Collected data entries
(* In QHC: (a) for every problem $\alpha$ and proposition $q$, setting $p=?\alpha$: $(!p\to !q)\Leftrightarrow\, !(p\to q)$; (b) for all problems $\alpha$ and propositions $q$, setting $\beta=!q$: $(\nabla\alpha\to\beta)\Leftrightarrow(\alpha\to\beta)\Leftrightarrow\nabla(\alpha\to\beta)$; (c) for every problem $\alpha$ and proposition $q$, setting $p=?\alpha$: $(p\to\Box q)\Rightarrow(p\to q)$, and $p\to q\ \vdash\ p\to\Box q$.
   Context: QHC is a two-sorted first-order calculus. Its only terms are individual variables. Every formula is either a problem (denoted by Greek letters $\alpha,\beta,\gamma,\dots$) or a proposition (denoted by Latin letters $p,q,\dots$). Atomic formulas are proposition variables $p(t_1,\dots,t_n)$ (of proposition type), problem variables $\pi(t_1,\dots,t_n)$ (of problem type), and the constants $0$ (a proposition, classical falsity) and $\bot$ (a problem, intuitionistic absurdity). Propositions are closed under the classical connectives $\land,\lor,\to$ and quantifiers $\exists,\forall$; problems are closed under the intuitionistic connectives $\land,\lor,\to$ and quantifiers $\exists,\forall$ (the same symbols are used, distinguished by the type of the arguments). $\neg p$ abbreviates $p\to 0$, $\neg\alpha$ abbreviates $\alpha\to\bot$, and $\leftrightarrow$ is defined as usual. There are two type-conversion operators: if $p$ is a proposition then $!p$ is a problem, and if $\alpha$ is a problem then $?\alpha$ is a proposition. Deductive system of QHC: all axioms and rules of classical predicate logic applied to all propositions; all postulates and rules of intuitionistic predicate logic applied to all problems; the rules $p\,/\,!p$ and $\alpha\,/\,?\alpha$; and the schemas $?!p\to p$; $\alpha\to\, !?\alpha$; $!(p\to q)\to(!p\to !q)$; $?(\alpha\to\beta)\to(?\alpha\to ?\beta)$; $!0\to\bot$; $?(\alpha\land\beta)\leftrightarrow ?\alpha\land ?\beta$; $?(\alpha\lor\beta)\leftrightarrow ?\alpha\lor ?\beta$; $?\bot\to 0$; $?\exists x\,\alpha(x)\leftrightarrow\exists x\,?\alpha(x)$; $?\forall x\,\alpha(x)\to\forall x\,?\alpha(x)$ (usual variable side conditions implicit). $\vdash A$ means $A$ is derivable in QHC; $A\Rightarrow B$ means $\vdash A\to B$ and $A\Leftrightarrow B$ means $\vdash A\leftrightarrow B$ (with $A,B$ of the same type); $A\vdash B$ means $B$ is derivable in QHC from the premise $A$. Notation: $\Box p := ?!p$ (a proposition) and $\nabla\alpha := !?\alpha$ (a problem). QC and QH denote classical and intuitionistic predicate calculus. *)

From Stdlib Require Import List Arith Bool.
Import ListNotations.

Inductive prop : Type :=
| PVar (P : nat) (ts : list nat)
| PFalse
| PAnd (p q : prop)
| POr (p q : prop)
| PImp (p q : prop)
| PEx (x : nat) (p : prop)
| PAll (x : nat) (p : prop)
| PQ (a : prob)                    (* ?alpha *)
with prob : Type :=
| QVar (P : nat) (ts : list nat)
| QBot
| QAnd (a b : prob)
| QOr (a b : prob)
| QImp (a b : prob)
| QEx (x : nat) (a : prob)
| QAll (x : nat) (a : prob)
| QB (p : prop).                   (* !p *)

Inductive fm : Type := FP (p : prop) | FQ (a : prob).

Definition PIff (p q : prop) : prop := PAnd (PImp p q) (PImp q p).
Definition QIff (a b : prob) : prob := QAnd (QImp a b) (QImp b a).
Definition PNeg (p : prop) : prop := PImp p PFalse.
Definition QNeg (a : prob) : prob := QImp a QBot.

Definition Box (p : prop) : prop := PQ (QB p).
Definition Nabla (a : prob) : prob := QB (PQ a).

Fixpoint occ_p (x : nat) (p : prop) : bool :=
  match p with
  | PVar _ ts => existsb (Nat.eqb x) ts
  | PFalse => false
  | PAnd p q | POr p q | PImp p q => occ_p x p || occ_p x q
  | PEx z p | PAll z p => if Nat.eqb z x then false else occ_p x p
  | PQ a => occ_q x a
  end
with occ_q (x : nat) (a : prob) : bool :=
  match a with
  | QVar _ ts => existsb (Nat.eqb x) ts
  | QBot => false
  | QAnd a b | QOr a b | QImp a b => occ_q x a || occ_q x b
  | QEx z a | QAll z a => if Nat.eqb z x then false else occ_q x a
  | QB p => occ_p x p
  end.

Definition rn (x y t : nat) : nat := if Nat.eqb t x then y else t.

(* sub_p x y p : replace free occurrences of x by y (naive) *)
Fixpoint sub_p (x y : nat) (p : prop) : prop :=
  match p with
  | PVar P ts => PVar P (map (rn x y) ts)
  | PFalse => PFalse
  | PAnd p q => PAnd (sub_p x y p) (sub_p x y q)
  | POr p q => POr (sub_p x y p) (sub_p x y q)
  | PImp p q => PImp (sub_p x y p) (sub_p x y q)
  | PEx z p => if Nat.eqb z x then PEx z p else PEx z (sub_p x y p)
  | PAll z p => if Nat.eqb z x then PAll z p else PAll z (sub_p x y p)
  | PQ a => PQ (sub_q x y a)
  end
with sub_q (x y : nat) (a : prob) : prob :=
  match a with
  | QVar P ts => QVar P (map (rn x y) ts)
  | QBot => QBot
  | QAnd a b => QAnd (sub_q x y a) (sub_q x y b)
  | QOr a b => QOr (sub_q x y a) (sub_q x y b)
  | QImp a b => QImp (sub_q x y a) (sub_q x y b)
  | QEx z a => if Nat.eqb z x then QEx z a else QEx z (sub_q x y a)
  | QAll z a => if Nat.eqb z x then QAll z a else QAll z (sub_q x y a)
  | QB p => QB (sub_p x y p)
  end.

(* ff_p y x p : y is free for x in p (no capture when substituting y for x) *)
Fixpoint ff_p (y x : nat) (p : prop) : Prop :=
  match p with
  | PVar _ _ | PFalse => True
  | PAnd p q | POr p q | PImp p q => ff_p y x p /\ ff_p y x q
  | PEx z p | PAll z p =>
      if Nat.eqb z x then True else ((occ_p x p = true -> z <> y) /\ ff_p y x p)
  | PQ a => ff_q y x a
  end
with ff_q (y x : nat) (a : prob) : Prop :=
  match a with
  | QVar _ _ | QBot => True
  | QAnd a b | QOr a b | QImp a b => ff_q y x a /\ ff_q y x b
  | QEx z a | QAll z a =>
      if Nat.eqb z x then True else ((occ_q x a = true -> z <> y) /\ ff_q y x a)
  | QB p => ff_p y x p
  end.

(* Der G A : A is derivable in QHC from the set of premises G
   (all rules may be applied to premises as well). *)
Inductive Der (G : fm -> Prop) : fm -> Prop :=
| d_hyp A : G A -> Der G A
| c_K p q : Der G (FP (PImp p (PImp q p)))
| c_S p q r : Der G (FP (PImp (PImp p (PImp q r)) (PImp (PImp p q) (PImp p r))))
| c_andI p q : Der G (FP (PImp p (PImp q (PAnd p q))))
| c_andE1 p q : Der G (FP (PImp (PAnd p q) p))
| c_andE2 p q : Der G (FP (PImp (PAnd p q) q))
| c_orI1 p q : Der G (FP (PImp p (POr p q)))
| c_orI2 p q : Der G (FP (PImp q (POr p q)))
| c_orE p q r : Der G (FP (PImp (PImp p r) (PImp (PImp q r) (PImp (POr p q) r))))
| c_efq p : Der G (FP (PImp PFalse p))
| c_dne p : Der G (FP (PImp (PNeg (PNeg p)) p))
| c_allE x y p : ff_p y x p -> Der G (FP (PImp (PAll x p) (sub_p x y p)))
| c_exI x y p : ff_p y x p -> Der G (FP (PImp (sub_p x y p) (PEx x p)))
| c_mp p q : Der G (FP (PImp p q)) -> Der G (FP p) -> Der G (FP q)
| c_gen x c p : occ_p x c = false ->
    Der G (FP (PImp c p)) -> Der G (FP (PImp c (PAll x p)))
| c_exE x p c : occ_p x c = false ->
    Der G (FP (PImp p c)) -> Der G (FP (PImp (PEx x p) c))
| i_K a b : Der G (FQ (QImp a (QImp b a)))
| i_S a b c : Der G (FQ (QImp (QImp a (QImp b c)) (QImp (QImp a b) (QImp a c))))
| i_andI a b : Der G (FQ (QImp a (QImp b (QAnd a b))))
| i_andE1 a b : Der G (FQ (QImp (QAnd a b) a))
| i_andE2 a b : Der G (FQ (QImp (QAnd a b) b))
| i_orI1 a b : Der G (FQ (QImp a (QOr a b)))
| i_orI2 a b : Der G (FQ (QImp b (QOr a b)))
| i_orE a b c : Der G (FQ (QImp (QImp a c) (QImp (QImp b c) (QImp (QOr a b) c))))
| i_efq a : Der G (FQ (QImp QBot a))
| i_allE x y a : ff_q y x a -> Der G (FQ (QImp (QAll x a) (sub_q x y a)))
| i_exI x y a : ff_q y x a -> Der G (FQ (QImp (sub_q x y a) (QEx x a)))
| i_mp a b : Der G (FQ (QImp a b)) -> Der G (FQ a) -> Der G (FQ b)
| i_gen x c a : occ_q x c = false ->
    Der G (FQ (QImp c a)) -> Der G (FQ (QImp c (QAll x a)))
| i_exE x a c : occ_q x c = false ->
    Der G (FQ (QImp a c)) -> Der G (FQ (QImp (QEx x a) c))
| r_bang p : Der G (FP p) -> Der G (FQ (QB p))
| r_quest a : Der G (FQ a) -> Der G (FP (PQ a))
| x_qb p : Der G (FP (PImp (PQ (QB p)) p))
| x_bq a : Der G (FQ (QImp a (QB (PQ a))))
| x_bK p q : Der G (FQ (QImp (QB (PImp p q)) (QImp (QB p) (QB q))))
| x_qK a b : Der G (FP (PImp (PQ (QImp a b)) (PImp (PQ a) (PQ b))))
| x_b0 : Der G (FQ (QImp (QB PFalse) QBot))
| x_qand a b : Der G (FP (PIff (PQ (QAnd a b)) (PAnd (PQ a) (PQ b))))
| x_qor a b : Der G (FP (PIff (PQ (QOr a b)) (POr (PQ a) (PQ b))))
| x_qbot : Der G (FP (PImp (PQ QBot) PFalse))
| x_qex x a : Der G (FP (PIff (PQ (QEx x a)) (PEx x (PQ a))))
| x_qall x a : Der G (FP (PImp (PQ (QAll x a)) (PAll x (PQ a)))).

Definition Thm (A : fm) : Prop := Der (fun _ => False) A.
Definition DerFrom (A B : fm) : Prop := Der (fun C => C = A) B.


(* Everything follows from a few derived rules of the
   two Hilbert calculi together with the modal behaviour of the conversions:
   ! and ? are monotone (necessitation + K), ?α -> □?α and □p -> p.
   For a problem α and a proposition q the implications
       (α -> !q) => ∇(α -> !q) => !(?α -> q) => (∇α -> !q) => (α -> !q)
   form a cycle, so the four problems are pairwise equivalent; parts (a) and (b)
   are three of these equivalences.  Part (c) combines □q -> q with the rule
   "from p -> q infer □p -> □q" and ?α -> □?α. *)

Section Derivations.
Variable G : fm -> Prop.

Lemma q_syl a b c :
  Der G (FQ (QImp a b)) -> Der G (FQ (QImp b c)) -> Der G (FQ (QImp a c)).
Proof.
  intros Hab Hbc. eapply i_mp; [eapply i_mp; [apply i_S|] | exact Hab].
  eapply i_mp; [apply i_K | exact Hbc].
Qed.

Lemma p_syl p q r :
  Der G (FP (PImp p q)) -> Der G (FP (PImp q r)) -> Der G (FP (PImp p r)).
Proof.
  intros Hpq Hqr. eapply c_mp; [eapply c_mp; [apply c_S|] | exact Hpq].
  eapply c_mp; [apply c_K | exact Hqr].
Qed.

Lemma p_post p q r : Der G (FP (PImp q r)) -> Der G (FP (PImp (PImp p q) (PImp p r))).
Proof. intros Hqr. eapply c_mp; [apply c_S|]. eapply c_mp; [apply c_K | exact Hqr]. Qed.

Lemma q_compose a b c : Der G (FQ (QImp (QImp b c) (QImp (QImp a b) (QImp a c)))).
Proof. eapply q_syl; [apply i_K | apply i_S]. Qed.

Lemma q_pre a b c : Der G (FQ (QImp a b)) -> Der G (FQ (QImp (QImp b c) (QImp a c))).
Proof.
  intros Hab. eapply i_mp; [eapply i_mp; [apply i_S | apply q_compose]|].
  eapply i_mp; [apply i_K | exact Hab].
Qed.

Lemma q_iff_intro a b :
  Der G (FQ (QImp a b)) -> Der G (FQ (QImp b a)) -> Der G (FQ (QIff a b)).
Proof. intros Hab Hba. eapply i_mp; [eapply i_mp; [apply i_andI | exact Hab] | exact Hba]. Qed.

Lemma bang_mono p q : Der G (FP (PImp p q)) -> Der G (FQ (QImp (QB p) (QB q))).
Proof. intros Hpq. eapply i_mp; [apply x_bK | apply r_bang; exact Hpq]. Qed.

Lemma quest_mono a b : Der G (FQ (QImp a b)) -> Der G (FP (PImp (PQ a) (PQ b))).
Proof. intros Hab. eapply c_mp; [apply x_qK | apply r_quest; exact Hab]. Qed.

Lemma box_mono p q : Der G (FP (PImp p q)) -> Der G (FP (PImp (Box p) (Box q))).
Proof. intros Hpq. apply quest_mono, bang_mono, Hpq. Qed.

Lemma quest_to_box a : Der G (FP (PImp (PQ a) (Box (PQ a)))).
Proof. apply quest_mono, x_bq. Qed.

Lemma quest_imp_bang a q : Der G (FP (PImp (PQ (QImp a (QB q))) (PImp (PQ a) q))).
Proof. eapply p_syl; [apply x_qK | apply p_post, x_qb]. Qed.

Lemma nabla_imp_bang a q : Der G (FQ (QImp (Nabla (QImp a (QB q))) (QB (PImp (PQ a) q)))).
Proof. apply bang_mono, quest_imp_bang. Qed.

Lemma nabla_imp_elim a b : Der G (FQ (QImp (QImp (Nabla a) b) (QImp a b))).
Proof. apply q_pre, x_bq. Qed.

End Derivations.

Theorem proposition2p13 :
  forall (a : prob) (q : prop),
    (* (a) with p = ?a : (!p -> !q) <=> !(p -> q) *)
    Thm (FQ (QIff (QImp (QB (PQ a)) (QB q)) (QB (PImp (PQ a) q))))
    (* (b) with beta = !q : (Nabla a -> beta) <=> (a -> beta) <=> Nabla (a -> beta) *)
    /\ Thm (FQ (QIff (QImp (Nabla a) (QB q)) (QImp a (QB q))))
    /\ Thm (FQ (QIff (QImp a (QB q)) (Nabla (QImp a (QB q)))))
    (* (c) with p = ?a : (p -> Box q) => (p -> q), and p -> q |- p -> Box q *)
    /\ Thm (FP (PImp (PImp (PQ a) (Box q)) (PImp (PQ a) q)))
    /\ DerFrom (FP (PImp (PQ a) q)) (FP (PImp (PQ a) (Box q))).
Proof.
  intros a q. unfold Thm, DerFrom.
  pose proof (x_bq (fun _ => False) (QImp a (QB q))) as to_nabla.
  pose proof (nabla_imp_bang (fun _ => False) a q) as to_bang.
  pose proof (x_bK (fun _ => False) (PQ a) q) as to_nabla_imp.
  pose proof (nabla_imp_elim (fun _ => False) a (QB q)) as to_imp.
  repeat split.
  - apply q_iff_intro; [| exact to_nabla_imp].
    eapply q_syl; [exact to_imp | eapply q_syl; [exact to_nabla | exact to_bang]].
  - apply q_iff_intro; [exact to_imp |].
    eapply q_syl; [exact to_nabla | eapply q_syl; [exact to_bang | exact to_nabla_imp]].
  - apply q_iff_intro; [exact to_nabla |].
    eapply q_syl; [exact to_bang | eapply q_syl; [exact to_nabla_imp | exact to_imp]].
  - apply p_post, x_qb.
  - eapply p_syl; [apply quest_to_box | apply box_mono, d_hyp; reflexivity].
Qed.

■ **What the exercise asks**:
Reproduce verbatim the lines above, from the line with "QAnd (sub_q x" through the line with "(sub_p x y p)))".

■ **Solution to this problem**:
  | QAnd a b => QAnd (sub_q x y a) (sub_q x y b)
  | QOr a b => QOr (sub_q x y a) (sub_q x y b)
  | QImp a b => QImp (sub_q x y a) (sub_q x y b)
  | QEx z a => if Nat.eqb z x then QEx z a else QEx z (sub_q x y a)
  | QAll z a => if Nat.eqb z x then QAll z a else QAll z (sub_q x y a)
  | QB p => QB (sub_p x y p)
  end.

(* ff_p y x p : y is free for x in p (no capture when substituting y for x) *)
Fixpoint ff_p (y x : nat) (p : prop) : Prop :=
  match p with
  | PVar _ _ | PFalse => True
  | PAnd p q | POr p q | PImp p q => ff_p y x p /\ ff_p y x q
  | PEx z p | PAll z p =>
      if Nat.eqb z x then True else ((occ_p x p = true -> z <> y) /\ ff_p y x p)
  | PQ a => ff_q y x a
  end
with ff_q (y x : nat) (a : prob) : Prop :=
  match a with
  | QVar _ _ | QBot => True
  | QAnd a b | QOr a b | QImp a b => ff_q y x a /\ ff_q y x b
  | QEx z a | QAll z a =>
      if Nat.eqb z x then True else ((occ_q x a = true -> z <> y) /\ ff_q y x a)
  | QB p => ff_p y x p
  end.

(* Der G A : A is derivable in QHC from the set of premises G
   (all rules may be applied to premises as well). *)
Inductive Der (G : fm -> Prop) : fm -> Prop :=
| d_hyp A : G A -> Der G A
| c_K p q : Der G (FP (PImp p (PImp q p)))
| c_S p q r : Der G (FP (PImp (PImp p (PImp q r)) (PImp (PImp p q) (PImp p r))))
| c_andI p q : Der G (FP (PImp p (PImp q (PAnd p q))))
| c_andE1 p q : Der G (FP (PImp (PAnd p q) p))
| c_andE2 p q : Der G (FP (PImp (PAnd p q) q))
| c_orI1 p q : Der G (FP (PImp p (POr p q)))
| c_orI2 p q : Der G (FP (PImp q (POr p q)))
| c_orE p q r : Der G (FP (PImp (PImp p r) (PImp (PImp q r) (PImp (POr p q) r))))
| c_efq p : Der G (FP (PImp PFalse p))
| c_dne p : Der G (FP (PImp (PNeg (PNeg p)) p))
| c_allE x y p : ff_p y x p -> Der G (FP (PImp (PAll x p) (sub_p x y p)))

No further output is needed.